◆ Required work: Your task is to quote the records from their first line through the line containing "smooth_S1 F /\", with nothing added or left out.

*** Records supplied ***

(* Let $K$ be the set of nonempty open connected intervals of $S^1$ whose closure is different from $S^1$, with symmetry group the Möbius group. There exists $f\in\mathrm C^1(K,\mathcal D)^{\text{Möb}}$ such that $f_b$ is nonzero and non-negative for every non-degenerate 1-simplex $b$.
   Context: $K$ is ordered by inclusion; the Möbius group acts on $S^1$ by diffeomorphisms and on $K$ by $o\mapsto s(o)$. A 1-simplex is $b=(|b|;\partial_0b,\partial_1b)$ with $|b|,\partial_0b,\partial_1b\in K$ and $\partial_0b,\partial_1b\subseteq|b|$; it is degenerate if $|b|=\partial_0b=\partial_1b$. $s$ acts by $s(b)=(s(|b|);s(\partial_0b),s(\partial_1b))$. $\mathcal D_a$: real smooth functions on $S^1$ vanishing outside the closure of $a$. $\mathrm C^1(K,\mathcal D)$: maps $b\mapsto f_b\in\mathcal D_{|b|}$ on 1-simplices, with action $(sf)_b=f_{s(b)}\circ s$; $\mathrm C^1(K,\mathcal D)^{\text{Möb}}$ denotes the fixed points. *)

From Stdlib Require Import Reals.
From Coquelicot Require Import Coquelicot.
Open Scope R_scope.

Definition circ (z : C) : Prop := Cmod z = 1.

Definition eang (t : R) : C := (cos t, sin t).

Definition cset := C -> Prop.

(** Elements of K: open arcs {e^{it} | a < t < a + l} with 0 < l < 2 pi,
    i.e. nonempty open connected intervals of S^1 whose closure is not S^1. *)
Definition inK (I : cset) : Prop :=
  exists a l : R, 0 < l /\ l < 2 * PI /\
    forall z, I z <-> exists t, a < t /\ t < a + l /\ z = eang t.

(** Topological closure (in C; for subsets of S^1 it agrees with the closure in S^1). *)
Definition closure (I : cset) : cset :=
  fun z => forall eps : R, 0 < eps -> exists w, I w /\ Cmod (Cminus z w) < eps.

(** Smooth real functions on S^1: the angle lift t |-> F(e^{it}) is C^infinity. *)
Definition smooth_S1 (F : C -> R) : Prop :=
  forall (n : nat) (t : R), ex_derive_n (fun s => F (eang s)) n t.

Definition inD (I : cset) (F : C -> R) : Prop :=
  smooth_S1 F /\ forall z, circ z -> ~ closure I z -> F z = 0.

(** The Moebius group PSU(1,1) ~ PSL(2,R) acting on S^1:
    z |-> (alpha z + beta) / (conj beta z + conj alpha), |alpha|^2 - |beta|^2 = 1. *)
Definition is_mob (al be : C) : Prop := Cmod al ^ 2 - Cmod be ^ 2 = 1.

Definition mob (al be : C) (z : C) : C :=
  Cdiv (Cplus (Cmult al z) be) (Cplus (Cmult (Cconj be) z) (Cconj al)).

Definition img (s : C -> C) (I : cset) : cset := fun z => exists w, I w /\ z = s w.

Definition same_set (A B : cset) : Prop := forall z, A z <-> B z.
Definition subset (A B : cset) : Prop := forall z, A z -> B z.

Record simplex1 := Simplex1 { supp : cset; bd0 : cset; bd1 : cset }.

Definition is_simplex1 (b : simplex1) : Prop :=
  inK (supp b) /\ inK (bd0 b) /\ inK (bd1 b) /\
  subset (bd0 b) (supp b) /\ subset (bd1 b) (supp b).

Definition degenerate (b : simplex1) : Prop :=
  same_set (supp b) (bd0 b) /\ same_set (bd0 b) (bd1 b).

Definition act_simplex (s : C -> C) (b : simplex1) : simplex1 :=
  Simplex1 (img s (supp b)) (img s (bd0 b)) (img s (bd1 b)).

Definition cochain1 (f : simplex1 -> C -> R) : Prop :=
  forall b, is_simplex1 b -> inD (supp b) (f b).

Definition mob_invariant (f : simplex1 -> C -> R) : Prop :=
  forall al be : C, is_mob al be ->
  forall b, is_simplex1 b ->
  forall z, circ z -> f (act_simplex (mob al be) b) (mob al be z) = f b z.

From Stdlib Require Import Reals Lra Psatz Classical ZArith Lia.
From Stdlib Require Import ClassicalEpsilon FunctionalExtensionality PropExtensionality.
From Coquelicot Require Import Coquelicot.
Open Scope R_scope.

(* A Moebius map fixing a non-degenerate 1-simplex [b] fixes the endpoints of [|b|]
   and a further endpoint of [d0 b] or [d1 b]; fixing three points of the circle it is
   the identity.  So the group acts freely on non-degenerate simplices, and we may pick
   a representative [b0] in each orbit, with [|b0|] the arc from [p] to [q], and set
   [f_(g b0) z = psi (orient p (g^-1 z) q)], where [psi x = exp (-1/x)] for [x > 0]
   is the flat smooth cutoff and [orient p . q] is positive exactly on that arc.
   Degenerate simplices get [f_b = 0]. *)

Lemma circ_neq0 z : circ z -> z <> 0%C.
Proof. intros H E. unfold circ in H. rewrite E, Cmod_0 in H. lra. Qed.

Lemma circ_mul_conj z : circ z -> (z * Cconj z)%C = 1%C.
Proof. intro H. rewrite <- Cmod2_conj. unfold circ in H. rewrite H. simpl. f_equal; ring. Qed.

Lemma circ_conj z : circ z -> Cconj z = (/ z)%C.
Proof.
  intro H. pose proof (circ_mul_conj z H). pose proof (circ_neq0 z H).
  transitivity (/ z * (z * Cconj z))%C; [field; auto | rewrite H0; field; auto].
Qed.

Lemma circ_coord z : circ z -> fst z * fst z + snd z * snd z = 1.
Proof.
  intro H. destruct z as [x y]. unfold circ, Cmod in H. simpl in *.
  apply (f_equal (fun r => r * r)) in H. rewrite sqrt_sqrt in H by nra. nra.
Qed.

Lemma circ_eang t : circ (eang t).
Proof.
  unfold circ, Cmod, eang; simpl.
  replace (cos t * (cos t * 1) + sin t * (sin t * 1)) with (Rsqr (sin t) + Rsqr (cos t))
    by (unfold Rsqr; ring).
  rewrite sin2_cos2. apply sqrt_1.
Qed.

Lemma Cmult_eq0 (a b : C) : (a * b = 0)%C -> a = 0%C \/ b = 0%C.
Proof.
  intro H. destruct (classic (a = 0%C)) as [Ha|Ha]; auto.
  destruct (classic (b = 0%C)) as [Hb|Hb]; auto.
  exfalso. exact (Cmult_neq_0 a b Ha Hb H).
Qed.

Lemma Cdiv_eq_iff (n1 d1 n2 d2 : C) : d1 <> 0%C -> d2 <> 0%C ->
  ((n1 / d1)%C = (n2 / d2)%C <-> (n1 * d2 - n2 * d1)%C = 0%C).
Proof.
  intros H1 H2. split; intro E.
  - replace n1 with (n1 / d1 * d1)%C by (field; auto). rewrite E. field. auto.
  - replace n1 with ((n1 * d2 - n2 * d1) / d2 + n2 * d1 / d2)%C by (field; auto).
    rewrite E. field. auto.
Qed.

Lemma quadratic_eq0_of_three_roots (A B C0 z1 z2 z3 : C) :
  z1 <> z2 -> z1 <> z3 -> z2 <> z3 ->
  (A * z1 * z1 + B * z1 + C0 = 0)%C -> (A * z2 * z2 + B * z2 + C0 = 0)%C ->
  (A * z3 * z3 + B * z3 + C0 = 0)%C -> A = 0%C /\ B = 0%C /\ C0 = 0%C.
Proof.
  intros d12 d13 d23 E1 E2 E3.
  assert (sub_neq0 : forall u v : C, u <> v -> (u - v)%C <> 0%C).
  { intros u v Huv E. apply Huv. rewrite <- (Cplus_0_l v), <- E. ring. }
  assert (slope : forall u v, u <> v -> (A * u * u + B * u + C0 = 0)%C ->
            (A * v * v + B * v + C0 = 0)%C -> (A * (u + v) + B = 0)%C).
  { intros u v Huv Eu Ev.
    destruct (Cmult_eq0 (u - v) (A * (u + v) + B)) as [G|G]; auto.
    - transitivity ((A * u * u + B * u + C0) - (A * v * v + B * v + C0))%C; [ring|].
      rewrite Eu, Ev. ring.
    - exfalso. exact (sub_neq0 u v Huv G). }
  pose proof (slope _ _ d12 E1 E2) as F12. pose proof (slope _ _ d13 E1 E3) as F13.
  assert (HA : A = 0%C).
  { destruct (Cmult_eq0 A (z2 - z3)) as [G|G]; auto.
    - transitivity ((A * (z1 + z2) + B) - (A * (z1 + z3) + B))%C; [ring|].
      rewrite F12, F13. ring.
    - exfalso. exact (sub_neq0 z2 z3 d23 G). }
  subst A. assert (HB : B = 0%C) by (rewrite <- F12; ring). subst B.
  repeat split. rewrite <- E1. ring.
Qed.

(** * Moebius maps of the circle *)

Lemma mob_det al be : is_mob al be -> (al * Cconj al - be * Cconj be)%C = 1%C.
Proof.
  intro H. rewrite <- !Cmod2_conj, <- RtoC_minus. unfold is_mob in H. rewrite H. reflexivity.
Qed.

***

◆ Response to the exercise:
(* Let $K$ be the set of nonempty open connected intervals of $S^1$ whose closure is different from $S^1$, with symmetry group the Möbius group. There exists $f\in\mathrm C^1(K,\mathcal D)^{\text{Möb}}$ such that $f_b$ is nonzero and non-negative for every non-degenerate 1-simplex $b$.
   Context: $K$ is ordered by inclusion; the Möbius group acts on $S^1$ by diffeomorphisms and on $K$ by $o\mapsto s(o)$. A 1-simplex is $b=(|b|;\partial_0b,\partial_1b)$ with $|b|,\partial_0b,\partial_1b\in K$ and $\partial_0b,\partial_1b\subseteq|b|$; it is degenerate if $|b|=\partial_0b=\partial_1b$. $s$ acts by $s(b)=(s(|b|);s(\partial_0b),s(\partial_1b))$. $\mathcal D_a$: real smooth functions on $S^1$ vanishing outside the closure of $a$. $\mathrm C^1(K,\mathcal D)$: maps $b\mapsto f_b\in\mathcal D_{|b|}$ on 1-simplices, with action $(sf)_b=f_{s(b)}\circ s$; $\mathrm C^1(K,\mathcal D)^{\text{Möb}}$ denotes the fixed points. *)

From Stdlib Require Import Reals.
From Coquelicot Require Import Coquelicot.
Open Scope R_scope.

Definition circ (z : C) : Prop := Cmod z = 1.

Definition eang (t : R) : C := (cos t, sin t).

Definition cset := C -> Prop.

(** Elements of K: open arcs {e^{it} | a < t < a + l} with 0 < l < 2 pi,
    i.e. nonempty open connected intervals of S^1 whose closure is not S^1. *)
Definition inK (I : cset) : Prop :=
  exists a l : R, 0 < l /\ l < 2 * PI /\
    forall z, I z <-> exists t, a < t /\ t < a + l /\ z = eang t.

(** Topological closure (in C; for subsets of S^1 it agrees with the closure in S^1). *)
Definition closure (I : cset) : cset :=
  fun z => forall eps : R, 0 < eps -> exists w, I w /\ Cmod (Cminus z w) < eps.

(** Smooth real functions on S^1: the angle lift t |-> F(e^{it}) is C^infinity. *)
Definition smooth_S1 (F : C -> R) : Prop :=
  forall (n : nat) (t : R), ex_derive_n (fun s => F (eang s)) n t.

Definition inD (I : cset) (F : C -> R) : Prop :=
  smooth_S1 F /\ forall z, circ z -> ~ closure I z -> F z = 0.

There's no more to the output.